We will find all countries where the population is above average and the area is below average. 

In [18]:
%%sql
SELECT *
FROM facts
WHERE population > (SELECT AVG(population)
                   FROM facts
                   WHERE name <> 'World'
                   )
AND area < (SELECT AVG(area)
           FROM facts
           WHERE name <> 'World');

Done.


id,code,name,area,area_land,area_water,population,population_growth,birth_rate,death_rate,migration_rate
14,bg,Bangladesh,148460,130170,18290,168957745,1.6,21.14,5.61,0.46
65,gm,Germany,357022,348672,8350,80854408,0.17,8.47,11.42,1.24
80,iz,Iraq,438317,437367,950,37056169,2.93,31.45,3.77,1.62
83,it,Italy,301340,294140,7200,61855120,0.27,8.74,10.19,4.1
85,ja,Japan,377915,364485,13430,126919659,0.16,7.93,9.51,0.0
91,ks,"Korea, South",99720,96920,2800,49115196,0.14,8.19,6.75,0.0
120,mo,Morocco,446550,446300,250,33322699,1.0,18.2,4.81,3.36
138,rp,Philippines,300000,298170,1830,100998376,1.61,24.27,6.11,2.09
139,pl,Poland,312685,304255,8430,38562189,0.09,9.74,10.19,0.46
163,sp,Spain,505370,498980,6390,48146134,0.89,9.64,9.04,8.31


The top 5 are:<br>
1. Bangladeseh<br>
2. Germany<br>
3. Iraq<br>
4. Italy<br>
5. Japan

# Next Steps

#### Which Country has the highest growth rate?

In [19]:
%%sql
SELECT name, MAX(population_growth) AS max_pop_growth
FROM facts
WHERE name <> 'World';

Done.


name,max_pop_growth
South Sudan,4.02


It appears South Sudan has the highest growth rate.

#### Which countries have the highest ratios of water to land? Which countries have more water than land?

In [23]:
%%sql
SELECT name, area_water, area_land
FROM facts
WHERE name <> 'World'
ORDER BY area_water DESC
LIMIT 5;


Done.


name,area_water,area_land
Canada,891163,9093507
Russia,720500,16377742
United States,664709,9161966
India,314070,2973193
China,270550,9326410


#### Which countries have a higher than average death rate but a lower than average birth rate?

In [26]:
%%sql
SELECT * 
FROM facts
WHERE death_rate > (SELECT AVG(death_rate)
                   FROM facts
                   WHERE name <> 'World'
                   )
AND birth_rate < (SELECT AVG(birth_rate)
                 FROM facts
                 WHERE name <>'World')
LIMIT 5;

Done.


id,code,name,area,area_land,area_water,population,population_growth,birth_rate,death_rate,migration_rate
8,am,Armenia,29743,28203,1540,3056382,0.15,13.61,9.34,5.8
10,au,Austria,83871,82445,1426,8665550,0.55,9.41,9.42,5.56
15,bb,Barbados,430,430,0,290604,0.31,11.87,8.44,0.3
16,bo,Belarus,207600,202900,4700,9589689,0.2,10.7,13.36,0.7
17,be,Belgium,30528,30278,250,11323973,0.76,11.41,9.63,5.87


We can see the top 5 countries with a higher death rate than birth rate above. 

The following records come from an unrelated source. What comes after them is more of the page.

(* Let $S$ be an entropy function for a finite set $X$, and let $A_1\subset\cdots\subset A_m$ and $B_1\subset\cdots\subset B_n$ be subsets of $X$ with $A_m\cap B_n=\emptyset$. Then there exists an EDF $f$ for $S$ such that: $\sum_{x\in A_i}f(x)=S(A_i)$ for all $i=1,\dots,m$; $\sum_{y\in B_j}f(y)=-S(B_j)$ for all $j=1,\dots,n$; $f(x)\ge0$ for all $x\in A_1$; and $f(y)\le 0$ for all $y\in B_1$.
   Context: An entropy function for a finite set $X$ is a function $S:2^X\to[0,\infty)$ with $S(\emptyset)=0$, $S(A)+S(B)\ge S(A\cap B)+S(A\cup B)$ and $S(A)+S(B)\ge S(A\setminus B)+S(B\setminus A)$ for all $A,B\subseteq X$. An entanglement distribution function (EDF) for $S$ is a function $f:X\to\mathbb R$ with $\big|\sum_{x\in A}f(x)\big|\le S(A)$ for all $A\subseteq X$. *)

From mathcomp Require Import all_boot all_order all_algebra.
From mathcomp Require Import reals.
Set Implicit Arguments. Unset Strict Implicit. Unset Printing Implicit Defensive.
Import Order.TTheory GRing.Theory Num.Theory.
Local Open Scope ring_scope.

Definition entropy_function (R : realType) (X : finType) (S : {set X} -> R) : Prop :=
  [/\ forall A, 0 <= S A,
      S set0 = 0,
      forall A B, S (A :&: B) + S (A :|: B) <= S A + S B
    & forall A B, S (A :\: B) + S (B :\: A) <= S A + S B].

Definition EDF (R : realType) (X : finType) (S : {set X} -> R) (f : X -> R) : Prop :=
  forall A : {set X}, `| \sum_(x in A) f x | <= S A.

(* Adjoin a purifying point [None] to X.  The function [purify S] on
   [option X] extends S, takes equal values on complementary sets and is
   submodular; weak monotonicity of S is exactly what its mixed cases need.
   Minimising [purify S] over the sets D with C :\: B_1 \subset D \subset
   C :|: A_1 gives a submodular H <= purify S that increases along A_1,
   decreases along B_1 and equals [purify S] on sets containing A_1 and
   avoiding B_1.  The sets
   A_1, ..., A_m, ~: B_n, ..., ~: B_1 form a chain in [option X], so some
   injective ranking of [option X] makes all of them initial segments.  The
   greedy vector of H along this ranking is dominated by H on every set and
   tight on initial segments, so it sums to H [set: option X] = 0; restricted
   to X it is the required EDF, the bound on -f over E coming from the
   complement of E in [option X]. *)

From mathcomp Require Import all_boot all_order all_algebra.
From mathcomp Require Import reals lra.
Set Implicit Arguments. Unset Strict Implicit. Unset Printing Implicit Defensive.
Import Order.TTheory GRing.Theory Num.Theory.
Local Open Scope ring_scope.

Section Greedy.
Variables (R : realType) (Y : finType) (rho : Y -> nat) (h : {set Y} -> R).

Definition lower (y : Y) : {set Y} := [set z | rho z < rho y]%N.

Definition down_closed (T : {set Y}) : Prop :=
  forall y z, y \in T -> z \notin T -> (rho y < rho z)%N.

Definition greedy (y : Y) : R := h (y |: lower y) - h (lower y).

Hypothesis rho_inj : injective rho.
Hypothesis h0 : h set0 = 0.
Hypothesis h_submod : forall U V, h (U :&: V) + h (U :|: V) <= h U + h V.

Lemma lower_down_closed y : down_closed (lower y).
Proof. by move=> z w; rewrite !inE -leqNgt; apply: leq_trans. Qed.

Lemma max_rank_exists (C : {set Y}) : C != set0 ->
  exists2 y, y \in C & {in C, forall z, rho z <= rho y}%N.
Proof.
case/set0Pn=> y0 Cy0.
by case: (@arg_maxnP _ y0 (mem C) rho Cy0) => y Cy ymax; exists y.
Qed.

Lemma max_rank_split (C : {set Y}) y :
  y \in C -> {in C, forall z, rho z <= rho y}%N ->
  C :&: lower y = C :\ y /\ C :|: lower y = y |: lower y.
Proof.
move=> Cy ymax; split; apply/setP=> z; rewrite !inE.
- case: (eqVneq z y) => [->|zy]; first by rewrite ltnn andbF.
  case Cz: (z \in C) => //=; rewrite ltn_neqAle ymax // andbT.
  by apply: contra_neq zy; apply: rho_inj.
- case: (eqVneq z y) => [->|zy]; first by rewrite Cy.
  case Cz: (z \in C) => //=; rewrite ltn_neqAle ymax // andbT.
  by apply/esym; apply: contra_neq zy; apply: rho_inj.
Qed.

Lemma greedy_sum_le (C : {set Y}) : \sum_(z in C) greedy z <= h C.
Proof.
have [k] := ubnP #|C|; elim: k C => // k IH C; rewrite ltnS => Ck.
have [->|C0] := eqVneq C set0; first by rewrite big_set0 h0.
have [y Cy ymax] := max_rank_exists C0.
have [CI CU] := max_rank_split Cy ymax.
have IHy : \sum_(z in C :\ y) greedy z <= h (C :\ y).
  by apply: IH; rewrite (cardsD1 y C) Cy in Ck.
have := h_submod C (lower y).
rewrite (big_setD1 y Cy) /= [greedy y]/greedy CI CU; lra.
Qed.

Lemma greedy_sum_down_closed (T : {set Y}) :
  down_closed T -> \sum_(z in T) greedy z = h T.
Proof.
have [k] := ubnP #|T|; elim: k T => // k IH T; rewrite ltnS => Tk Tdown.
have [->|T0] := eqVneq T set0; first by rewrite big_set0 h0.
have [y Ty ymax] := max_rank_exists T0.
have [TI TU] := max_rank_split Ty ymax.
have lowerT : lower y \subset T.
  apply/subsetP=> z; rewrite inE; apply: contraLR; rewrite -leqNgt.
  by move=> Tz; apply/ltnW/Tdown.
rewrite (setIidPr lowerT) in TI; rewrite (setUidPl lowerT) in TU.
have card_lower : (#|lower y| < k)%N.
  by rewrite TI; rewrite (cardsD1 y T) Ty in Tk.
rewrite (big_setD1 y Ty) /= -TI IH //; last exact: lower_down_closed.
by rewrite /greedy [in RHS]TU addrNK.
Qed.

End Greedy.

Lemma refine_rank (Y : finType) (c : Y -> nat) :
  exists2 rho : Y -> nat,
    injective rho & forall y z, (c y < c z)%N -> (rho y < rho z)%N.
Proof.
exists (fun y => c y * #|{: Y}| + enum_rank y)%N.
  move=> y z /(congr1 (modn^~ #|{: Y}|)).
  by rewrite !modnMDl !modn_small ?ltn_ord // => /val_inj/enum_rank_inj.
move=> y z cyz; apply: (@leq_trans (c z * #|{: Y}|)%N); last exact: leq_addr.
apply: (@leq_trans (c y * #|{: Y}| + #|{: Y}|)%N); first by rewrite ltn_add2l.
by rewrite -mulSnr leq_mul2r cyz orbT.
Qed.

Section Chain.
Variables (I Y : finType) (T : I -> {set Y}).
Hypothesis T_chain : forall s t, (T s \subset T t) || (T t \subset T s).

Let outside y := #|[set s | y \notin T s]|.

Lemma chain_outside_lt t y z :
  y \in T t -> z \notin T t -> (outside y < outside z)%N.
Proof.
move=> yt zt; apply: proper_card; apply/properP; split.
  apply/subsetP=> s; rewrite !inE; apply: contra => zs.
  case/orP: (T_chain s t) => /subsetP sub; last exact: sub.
  by rewrite (sub z zs) in zt.
by exists t; rewrite inE ?yt ?zt.
Qed.

Lemma chain_rank :
  exists2 rho : Y -> nat, injective rho & forall t, down_closed rho (T t).
Proof.
have [rho rho_inj rho_mono] := refine_rank outside.
by exists rho => // t y z yt zt; apply/rho_mono/(chain_outside_lt yt zt).
Qed.

End Chain.

Section AdmissibleMin.
Variables (R : realType) (Y : finType) (g : {set Y} -> R) (P N : {set Y}).

Definition admissible (C D : {set Y}) : bool :=
  (C :\: N \subset D) && (D \subset C :|: P).

Definition adm_min (C : {set Y}) : R := g (Order.arg_min C (admissible C) g).

Hypothesis g_ge0 : forall D, 0 <= g D.
Hypothesis g_submod : forall U V, g (U :&: V) + g (U :|: V) <= g U + g V.

Lemma admissible_refl C : admissible C C.
Proof. by rewrite /admissible subsetDl subsetUl. Qed.

Lemma adm_minP C : exists2 D, admissible C D & adm_min C = g D.
Proof.
by rewrite /adm_min; case: (arg_minP g (admissible_refl C)) => D CD _; exists D.
Qed.

Lemma adm_min_le C D : admissible C D -> adm_min C <= g D.
Proof.
by rewrite /adm_min; case: (arg_minP g (admissible_refl C)) => D' _; apply.
Qed.

Lemma adm_min_le_self C : adm_min C <= g C.
Proof. exact/adm_min_le/admissible_refl. Qed.

Lemma adm_min_ge0 C : 0 <= adm_min C.
Proof. by have [D _ ->] := adm_minP C. Qed.

Lemma admissibleI C C' D D' : admissible C D -> admissible C' D' ->
  admissible (C :&: C') (D :&: D').
Proof.
case/andP=> CD DC /andP[CD' DC']; apply/andP; split.
  by rewrite setDIl setISS.
by rewrite setUIl setISS.
Qed.

Lemma admissibleU C C' D D' : admissible C D -> admissible C' D' ->
  admissible (C :|: C') (D :|: D').
Proof.
case/andP=> CD DC /andP[CD' DC']; apply/andP; split.
  by rewrite setDUl setUSS.
by rewrite -[P]setUid setUACA setUSS.
Qed.

Lemma adm_min_submod C C' :
  adm_min (C :&: C') + adm_min (C :|: C') <= adm_min C + adm_min C'.
Proof.
have [D CD ->] := adm_minP C; have [D' CD' ->] := adm_minP C'.
have := adm_min_le (admissibleI CD CD'); have := adm_min_le (admissibleU CD CD').
have := g_submod D D'; lra.
Qed.

Lemma adm_min_setU1_ge C y : y \in P -> adm_min C <= adm_min (y |: C).
Proof.
move=> Py; have [D /andP[CD DC] ->] := adm_minP (y |: C).
apply: adm_min_le; apply/andP; split.
  by apply: subset_trans CD; rewrite setSD ?subsetUr.
suff <- : (y |: C) :|: P = C :|: P by [].
by rewrite -setUA; apply/setUidPr; rewrite sub1set inE Py orbT.
Qed.

Lemma adm_min_setU1_le C y : y \in N -> adm_min (y |: C) <= adm_min C.
Proof.
move=> Ny; have [D /andP[CD DC] ->] := adm_minP C.
apply: adm_min_le; apply/andP; split.
  suff -> : (y |: C) :\: N = C :\: N by [].
  rewrite setDUl (_ : [set y] :\: N = set0) ?set0U //.
  by apply/eqP; rewrite setD_eq0 sub1set.
by apply: subset_trans DC _; rewrite setSU ?subsetUr.
Qed.

Lemma adm_min_tight (T : {set Y}) :
  P \subset T -> [disjoint T & N] -> adm_min T = g T.
Proof.
move=> PT TN; have [D /andP[TD DT] ->] := adm_minP T.
congr g; apply/eqP.
by rewrite eqEsubset -{1}(setUidPl PT) DT -{1}(setDidPl TN) TD.
Qed.

End AdmissibleMin.

Section Purification.
Variables (R : realType) (X : finType) (S : {set X} -> R).
Hypothesis S_ge0 : forall U, 0 <= S U.
Hypothesis S0 : S set0 = 0.
Hypothesis S_submod : forall A B, S (A :&: B) + S (A :|: B) <= S A + S B.
Hypothesis S_wsubmod : forall A B, S (A :\: B) + S (B :\: A) <= S A + S B.

Definition purify (C : {set option X}) : R :=
  if None \in C then S (~: (Some @^-1: C)) else S (Some @^-1: C).

Lemma purifyC C : purify (~: C) = purify C.
Proof. by rewrite /purify inE preimsetC setCK; case: (None \in C). Qed.

Lemma purify_imset (E : {set X}) : purify (Some @: E) = S E.
Proof.
have NoneE : None \notin Some @: E by apply/imsetP=> -[].
rewrite /purify (negPf NoneE); congr S.
by apply/setP=> x; rewrite inE mem_imset //; apply: Some_inj.
Qed.

Lemma purify_ge0 C : 0 <= purify C.
Proof. by rewrite /purify; case: ifP. Qed.

Lemma purify0 : purify set0 = 0.
Proof. by rewrite /purify inE preimset0. Qed.

Lemma wsubmod_setC A B : S (A :&: B) + S (~: (A :|: B)) <= S (~: A) + S B.
Proof.
have := S_wsubmod B (~: A).
by rewrite setDE setCK setIC setDE -setCU addrC [S B + _]addrC.
Qed.

Lemma purify_submod C D :
  purify (C :&: D) + purify (C :|: D) <= purify C + purify D.
Proof.
rewrite /purify !inE preimsetI preimsetU.
case: (None \in C); case: (None \in D) => /=.
- by rewrite setCI setCU addrC S_submod.
- exact: wsubmod_setC.
- by rewrite setIC setUC [X in _ <= X]addrC wsubmod_setC.
- exact: S_submod.
Qed.

End Purification.

Section EntanglementDistribution.
Variables (R : realType) (X : finType) (S : {set X} -> R) (m n : nat)
  (A : 'I_m.+1 -> {set X}) (B : 'I_n.+1 -> {set X}).
Hypothesis A_chain : forall i j : 'I_m.+1, (i <= j)%N -> A i \subset A j.
Hypothesis B_chain : forall i j : 'I_n.+1, (i <= j)%N -> B i \subset B j.
Hypothesis AB_disjoint : A ord_max :&: B ord_max = set0.

Lemma chains_disjoint i j : [disjoint Some @: A i & Some @: B j].
Proof.
rewrite -setI_eq0 -imsetI ?imset_eq0; last by move=> x y _ _ [].
rewrite setI_eq0.
apply: disjointW (@A_chain i ord_max (leq_ord i)) (@B_chain j ord_max (leq_ord j)) _.
by rewrite -setI_eq0 AB_disjoint.
Qed.

Definition chain (t : 'I_m.+1 + 'I_n.+1) : {set option X} :=
  match t with inl i => Some @: A i | inr j => ~: (Some @: B j) end.

Lemma chain_total s t : (chain s \subset chain t) || (chain t \subset chain s).
Proof.
case: s t => [i|j] [i'|j'] /=.
- case: (leqP i i') => [le|/ltnW le]; first by rewrite imsetS ?A_chain.
  by rewrite orbC imsetS ?A_chain.
- by rewrite -disjoints_subset chains_disjoint.
- by rewrite orbC -disjoints_subset chains_disjoint.
- case: (leqP j j') => [le|/ltnW le]; last by rewrite setCS imsetS ?B_chain.
  by rewrite orbC setCS imsetS ?B_chain.
Qed.

Lemma A0_sub_chain t : Some @: A ord0 \subset chain t.
Proof.
case: t => [i|j] /=; first by rewrite imsetS ?A_chain.
by rewrite -disjoints_subset chains_disjoint.
Qed.

Lemma chain_disjoint_B0 t : [disjoint chain t & Some @: B ord0].
Proof.
case: t => [i|j] /=; first exact: chains_disjoint.
by rewrite disjoint_sym disjoints_subset setCK imsetS ?B_chain.
Qed.

Hypothesis S_ge0 : forall U, 0 <= S U.
Hypothesis S0 : S set0 = 0.
Hypothesis S_submod : forall U V, S (U :&: V) + S (U :|: V) <= S U + S V.
Hypothesis S_wsubmod : forall U V, S (U :\: V) + S (V :\: U) <= S U + S V.

Definition purified_min : {set option X} -> R :=
  adm_min (purify S) (Some @: A ord0) (Some @: B ord0).

Lemma purified_min_eq0 C : purify S C = 0 -> purified_min C = 0.
Proof.
move=> SC0; apply/le_anti; rewrite adm_min_ge0 ?andbT; last exact: purify_ge0.
by rewrite -SC0 adm_min_le_self.
Qed.

Lemma purified_min0 : purified_min set0 = 0.
Proof. exact/purified_min_eq0/purify0. Qed.

Lemma purified_min_submod U V :
  purified_min (U :&: V) + purified_min (U :|: V) <= purified_min U + purified_min V.
Proof. by apply: adm_min_submod; apply: purify_submod. Qed.

Variable rho : option X -> nat.
Hypothesis rho_inj : injective rho.
Hypothesis rho_chain : forall t, down_closed rho (chain t).

Definition edf (x : X) : R := greedy rho purified_min (Some x).

Local Notation sumg C := (\sum_(z in C) greedy rho purified_min z).

Lemma sumg_le (C : {set option X}) : sumg C <= purify S C.
Proof.
apply: le_trans (adm_min_le_self _ _ _ C).
exact: greedy_sum_le rho_inj purified_min0 purified_min_submod C.
Qed.

Lemma sumg_chain t : sumg (chain t) = purify S (chain t).
Proof.
rewrite (greedy_sum_down_closed rho_inj purified_min0 (@rho_chain t)).
exact: adm_min_tight (A0_sub_chain t) (chain_disjoint_B0 t).
Qed.

Lemma sumg_setC (C : {set option X}) : sumg (~: C) = - sumg C.
Proof.
have total : sumg [set: option X] = 0.
  have setT_down : down_closed rho [set: option X] by move=> y z _; rewrite inE.
  rewrite (greedy_sum_down_closed rho_inj purified_min0 setT_down).
  by apply: purified_min_eq0; rewrite -setC0 purifyC purify0.
move: total; rewrite (big_setID C) setTI setTD => /eqP.
by rewrite addr_eq0 => /eqP ->; rewrite opprK.
Qed.

Lemma sum_edf (E : {set X}) : \sum_(x in E) edf x = sumg (Some @: E).
Proof. by rewrite big_imset //; move=> x y _ _ []. Qed.

Lemma edf_EDF : EDF S edf.
Proof.
move=> E; rewrite ler_norml sum_edf -(purify_imset S E); apply/andP; split.
  by rewrite lerNl -sumg_setC -purifyC sumg_le.
exact: sumg_le.
Qed.

Lemma edf_sum_A i : \sum_(x in A i) edf x = S (A i).
Proof. by rewrite sum_edf (sumg_chain (inl i)) purify_imset. Qed.

Lemma edf_sum_B j : \sum_(x in B j) edf x = - S (B j).
Proof.
rewrite sum_edf -[Some @: B j]setCK sumg_setC (sumg_chain (inr j)).
by rewrite purifyC purify_imset.
Qed.

Lemma edf_ge0 x : x \in A ord0 -> 0 <= edf x.
Proof.
by move=> Ax; rewrite subr_ge0 adm_min_setU1_ge // mem_imset //; apply: Some_inj.
Qed.

Lemma edf_le0 x : x \in B ord0 -> edf x <= 0.
Proof.
by move=> Bx; rewrite subr_le0 adm_min_setU1_le // mem_imset //; apply: Some_inj.
Qed.

End EntanglementDistribution.

Theorem theorem19 (R : realType) (X : finType) (S : {set X} -> R)
  (m n : nat) (A : 'I_m.+1 -> {set X}) (B : 'I_n.+1 -> {set X}) :
  entropy_function S ->
  (forall i j : 'I_m.+1, (i <= j)%N -> A i \subset A j) ->
  (forall i j : 'I_n.+1, (i <= j)%N -> B i \subset B j) ->
  A ord_max :&: B ord_max = set0 ->
  exists f : X -> R,
    [/\ EDF S f,
        forall i, \sum_(x in A i) f x = S (A i),
        forall j, \sum_(y in B j) f y = - S (B j),
        forall x, x \in A ord0 -> 0 <= f x
      & forall y, y \in B ord0 -> f y <= 0].
Proof.
case=> S_ge0 S0 S_submod S_wsubmod A_chain B_chain AB_disjoint.
have [rho rho_inj rho_chain] := chain_rank (chain_total A_chain B_chain AB_disjoint).
exists (edf S A B rho); split.
- exact: edf_EDF.
- exact: edf_sum_A.
- exact: edf_sum_B.
- exact: edf_ge0.
- exact: edf_le0.
Qed.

#### Which countries have a higher than average birth rate but a lower than average death rate?

In [27]:
%%sql
SELECT * 
FROM facts
WHERE death_rate < (SELECT AVG(death_rate)
                   FROM facts
                   WHERE name <> 'World'
                   )
AND birth_rate > (SELECT AVG(birth_rate)
                 FROM facts
                 WHERE name <>'World')
LIMIT 5;

Done.


id,code,name,area,area_land,area_water,population,population_growth,birth_rate,death_rate,migration_rate
3,ag,Algeria,2381741,2381741,0,39542166,1.84,23.67,4.31,0.92
14,bg,Bangladesh,148460,130170,18290,168957745,1.6,21.14,5.61,0.46
18,bh,Belize,22966,22806,160,347369,1.87,24.68,5.97,0.0
21,bl,Bolivia,1098581,1083301,15280,10800882,1.56,22.76,6.52,0.62
30,cb,Cambodia,181035,176515,4520,15708756,1.58,23.83,7.68,0.32


We can see the top 5 countries with a higher than average birth rate but lower than average death rate. 

#### What countries have the highest population/area ratio and how does it compare to the previous list we found?

In [35]:
%%sql
SELECT name, population / area AS pop_area_ratio
FROM facts
ORDER BY pop_area_ratio DESC
LIMIT 5;

Done.


name,pop_area_ratio
Macau,21168
Monaco,15267
Singapore,8141
Hong Kong,6445
Gaza Strip,5191


We can see this is a very different list than what we had for the most densely populated countries which were: Bangladeseh, Germany, Iraq, Italy and Japan.